Purpose: To assess the efficacy of the Ikr-blocker almokalant attempting to convert chronic atrial tachyarrhythmias, and to find predictors of conversion, to sinus rhythm.
Methods: The electrophysiological effects of a 6-hour infusion of almokalant, to a total dose of 25 +/- 4 mg, were assessed by ECG and transesophageal atrial electrograms (TAE) in 100 consecutive patients with atrial fibrillation/flutter (n = 95/5) of 8 +/- 12 months' duration (range 1 to 99 months).
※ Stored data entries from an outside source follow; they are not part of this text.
(* Let $X=\{x_1,\dots,x_t\}$ with $x_1<x_2<\dots<x_t$, and let $x=(x_{i_1},\dots,x_{i_m})$ be a time series with values in $X$ satisfying $\mathrm{set}(x)=X$. Let $Y=\{y_1,\dots,y_t\}$ with $y_1<y_2<\dots<y_t$, and let $y=(y_{i_1},\dots,y_{i_m})$ (with the same index sequence $i_1,\dots,i_m$) be a time series with values in $Y$ satisfying $\mathrm{set}(y)=Y$. Then for every $\ell\in\mathbb{N}$, $D_{(x,\ell)}=D_{(y,\ell)}$.
   Context: A time series of complexity $m$ is a vector in $\mathbb{R}^m$; $\mathrm{set}(x)$ is the set of entries of $x$, and $\mathrm{rank}_x(z)$ is the rank of $z\in\mathrm{set}(x)$ in $\mathrm{set}(x)$ (ordered increasingly). For $x\in\mathbb{R}^m$ and $y\in\mathbb{R}^\ell$, a traversal is a sequence of index pairs $(i,j)\in[m]\times[\ell]$ starting at $(1,1)$, ending at $(m,\ell)$, in which each pair $(i,j)$ is followed by one of $(i,j+1)$, $(i+1,j)$, $(i+1,j+1)$; $x_i$ and $y_j$ are matched if $(i,j)$ occurs in it. For a traversal $M$ of $x$ with a time series of complexity $\ell$, the traversal sectors are $S^{(x,M)}_j=\{x_i: x_i \text{ matched with the } j\text{-th vertex by } M\}$, $j\in[\ell]$, and the $\ell$-profile of $(x,M)$ is $\big((\mathrm{rank}_x(\min S^{(x,M)}_j),\mathrm{rank}_x(\max S^{(x,M)}_j))\big)_{j=1}^{\ell}$. $D_{(x,\ell)}$ is the set of all $\ell$-profiles of $(x,M)$ over all such traversals $M$. *)

From mathcomp Require Import all_boot all_order all_algebra.
Set Implicit Arguments. Unset Strict Implicit. Unset Printing Implicit Defensive.
Import Order.TTheory GRing.Theory Num.Theory.
Local Open Scope ring_scope.

(* Time series of complexity m over a real-closed/real field R: 'rV[R]_m is
   avoided; we use functions 'I_m -> R.  Indices are 0-based internally. *)

Section TS.
Variable R : realFieldType.

Definition ts_set (m : nat) (x : 'I_m -> R) : seq R := undup [seq x i | i <- enum 'I_m].

Definition ts_rank (m : nat) (x : 'I_m -> R) (z : R) : nat :=
  (count (fun w => w < z) (ts_set x)).+1.

Definition step (p q : nat * nat) : bool :=
  [|| q == (p.1, p.2.+1), q == (p.1.+1, p.2) | q == (p.1.+1, p.2.+1)].

Definition is_traversal (m l : nat) (M : seq (nat * nat)) : bool :=
  [&& (0 < m)%N, (0 < l)%N, head (0%N, 0%N) M == (0%N, 0%N) , M != [::],
      last (0%N, 0%N) M == (m.-1, l.-1),
      sorted step M & all (fun p => (p.1 < m) && (p.2 < l))%N M].

Definition sector (m : nat) (x : 'I_m -> R) (M : seq (nat * nat)) (j : nat) : seq R :=
  [seq x i | i <- enum 'I_m & ((nat_of_ord i, j) \in M)].

Definition seq_min (s : seq R) : R := foldr Num.min (head 0 s) s.
Definition seq_max (s : seq R) : R := foldr Num.max (head 0 s) s.

Definition profile (m : nat) (x : 'I_m -> R) (l : nat) (M : seq (nat * nat))
  : seq (nat * nat) :=
  [seq (ts_rank x (seq_min (sector x M j)), ts_rank x (seq_max (sector x M j)))
  | j <- iota 0 l].

Definition D_set (m : nat) (x : 'I_m -> R) (l : nat) : seq (nat * nat) -> Prop :=
  fun P => exists M, is_traversal m l M /\ P = profile x l M.

End TS.

(* A traversal matches every vertex with at least one position of the series,
   so each sector is a nonempty block of values F (idx k).  For strictly
   increasing F, the minimum and maximum of such a block are F applied to the
   minimum and maximum index, and, since every index is attained, the rank of
   F a in set(F o idx) is determined by a alone.  Hence the profile of
   F o idx under a traversal does not depend on F. *)

From mathcomp Require Import all_boot all_order all_algebra.
From mathcomp Require Import zify.
From Stdlib Require Import FunctionalExtensionality PropExtensionality.
Import Order.TTheory GRing.Theory Num.Theory.
Local Open Scope ring_scope.
Set Implicit Arguments. Unset Strict Implicit.

(* A step raises the second coordinate by at most one, so no vertex is skipped. *)
Lemma step_path_cover p s : path step p s -> forall j,
  (p.2 <= j <= (last p s).2)%N -> exists2 q, q \in p :: s & q.2 = j.
Proof.
elim: s p => [|a s IH] p /=.
  move=> _ j /andP[pj jp]; exists p; first exact: mem_head.
  by apply/eqP; rewrite eqn_leq pj jp.
move=> /andP[pa a_path] j /andP[pj jlast].
have [ltpj|lejp] := ltnP p.2 j; last first.
  by exists p; [rewrite mem_head | apply/eqP; rewrite eqn_leq pj lejp].
have aj : (a.2 <= j)%N by move: pa; rewrite /step => /or3P[]/eqP-> /=; lia.
have [|q qin qj] := IH a a_path j; first by rewrite aj.
by exists q => //; rewrite inE qin orbT.
Qed.

Lemma traversal_matches_vertex m l M j : is_traversal m l M -> (j < l)%N ->
  exists i : 'I_m, (nat_of_ord i, j) \in M.
Proof.
case/and5P=> _ _ hd M_nil /and3P[lst srt bounded] jl.
case: M hd M_nil lst srt bounded => [|p s] //= /eqP hp _ /eqP hl srt bounded.
have [q qin qj] : exists2 q, q \in p :: s & q.2 = j.
  by apply: (step_path_cover srt); rewrite hl hp /=; lia.
have /andP[q1 _] := allP (bounded : all _ (p :: s)) q qin.
by exists (Ordinal q1); rewrite /= -qj -surjective_pairing.
Qed.

Lemma foldr_map_morph (A B : Type) (f : A -> B) (opA : A -> A -> A)
    (opB : B -> B -> B) :
  {morph f : x y / opA x y >-> opB x y} ->
  forall c s, foldr opB (f c) (map f s) = f (foldr opA c s).
Proof. by move=> fM c; elim=> //= a s ->; rewrite fM. Qed.

Section IncreasingImage.
Variables (d d' : Order.disp_t) (T : orderType d) (T' : orderType d').
Variable f : T -> T'.
Hypothesis f_incr : {homo f : x y / (x <= y)%O}.

Lemma nondecreasing_min : {morph f : x y / Order.min x y >-> Order.min x y}.
Proof.
move=> x y; case: (leP x y) => [xy | /ltW yx].
  by rewrite !min_l ?f_incr.
by rewrite !min_r ?f_incr.
Qed.

Lemma nondecreasing_max : {morph f : x y / Order.max x y >-> Order.max x y}.
Proof.
move=> x y; case: (leP x y) => [xy | /ltW yx].
  by rewrite !max_r ?f_incr.
by rewrite !max_l ?f_incr.
Qed.

End IncreasingImage.

Section IndexSeries.
Variables (R : realFieldType) (d : Order.disp_t) (T : finOrderType d) (m : nat).
Variable idx : 'I_m -> T.
Hypothesis idx_surj : forall a : T, exists k : 'I_m, idx k = a.

Section StrictlyIncreasing.
Variable F : T -> R.
Hypothesis F_incr : {homo F : a b / (a < b)%O >-> a < b}.

Lemma seq_min_map a s :
  seq_min (map F (a :: s)) = F (foldr Order.min a (a :: s)).
Proof.
rewrite /seq_min [head _ _]/=.
exact/foldr_map_morph/nondecreasing_min/ltW_homo.
Qed.

Lemma seq_max_map a s :
  seq_max (map F (a :: s)) = F (foldr Order.max a (a :: s)).
Proof.
rewrite /seq_max [head _ _]/=.
exact/foldr_map_morph/nondecreasing_max/ltW_homo.
Qed.

Lemma ts_set_comp : perm_eq (ts_set (fun k => F (idx k))) (map F (enum T)).
Proof.
apply: uniq_perm; first exact: undup_uniq.
  by rewrite map_inj_uniq ?enum_uniq //; exact/inc_inj/le_mono.
move=> w; rewrite mem_undup; apply/mapP/mapP => [[k _ ->]|[a _ ->]].
  by exists (idx k); rewrite ?mem_enum.
by have [k <-] := idx_surj a; exists k; rewrite ?mem_enum.
Qed.

Lemma ts_rank_comp a :
  ts_rank (fun k => F (idx k)) (F a) = (count (fun b => b < a)%O (enum T)).+1.
Proof.
rewrite /ts_rank (permP ts_set_comp) count_map.
by congr S; apply: eq_count => b /=; rewrite (leW_mono (le_mono F_incr)).
Qed.

End StrictlyIncreasing.

Lemma profile_comp_incr (F G : T -> R) l M :
    {homo F : a b / (a < b)%O >-> a < b} ->
    {homo G : a b / (a < b)%O >-> a < b} ->
  is_traversal m l M ->
  profile (fun k => F (idx k)) l M = profile (fun k => G (idx k)) l M.
Proof.
move=> F_incr G_incr trav; apply/eq_in_map => j.
rewrite mem_iota add0n => /andP[_ jl].
set S := [seq idx i | i <- enum 'I_m & (nat_of_ord i, j) \in M].
have sector_comp H : sector (fun k => H (idx k)) M j = map H S.
  by rewrite /sector /S map_comp.
have [i0 i0j] := traversal_matches_vertex trav jl.
have : idx i0 \in S by apply: map_f; rewrite mem_filter i0j mem_enum.
rewrite !sector_comp {sector_comp}; case: S => [|a s] // _.
by rewrite !seq_min_map // !seq_max_map // !ts_rank_comp.
Qed.

End IndexSeries.

Theorem lemma4p5 (R : realFieldType) (t m : nat)
  (X Y : 'I_t -> R)
  (hX : forall a b : 'I_t, (a < b)%N -> X a < X b)
  (hY : forall a b : 'I_t, (a < b)%N -> Y a < Y b)
  (idx : 'I_m -> 'I_t)
  (hsurj : forall a : 'I_t, exists k : 'I_m, idx k = a)
  (l : nat) :
  D_set (fun k => X (idx k)) l = D_set (fun k => Y (idx k)) l.
Proof.
have same_profile M : is_traversal m l M ->
    profile (fun k => X (idx k)) l M = profile (fun k => Y (idx k)) l M.
  by apply: profile_comp_incr.
apply: functional_extensionality => P; apply: propositional_extensionality.
by split=> -[M [trav ->]]; exists M; split; rewrite ?same_profile.
Qed.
Results: The conversion rate was 32%. The time to conversion was 3.5 +/- 2.2 hours. During infusion increases in QTtop (292 +/- 35 to 335 +/- 44 ms, p < 0.001, after 30 minutes), QT (387 +/- 40 to 446 +/- 60 ms, p < 0.001), corrected QT (425 +/- 30 to 487 +/- 44 ms, p < 0.001), and QT dispersion (21 +/- 12 to 29 +/- 31 ms, p = 0.02), were paralleled by decreases in T wave amplitude (0.31 +/- 0.19 to 0.23 +/- 0.16 mV, p < 0.001), and atrial rate (425 +/- 78 to 284 +/- 44 beats per minute (bpm) on ECG, and 396 +/- 72 to 309 +/- 44 bpm on TAE), with no differences between converters to sinus rhythm and non-converters. Patients with aberrantly conducted beats, and T wave variation, also increased. Calcium antagonists were more common among converters. A decreasing T wave amplitude predicted conversion. Four patients developed torsades de pointes.
Conclusions: This study demonstrates class III action of almokalant, with a conversion rate of 32% of long-standing, chronic atrial tachyarrhytmias. An early decrease in T wave amplitude was associated with conversion to sinus rhythm.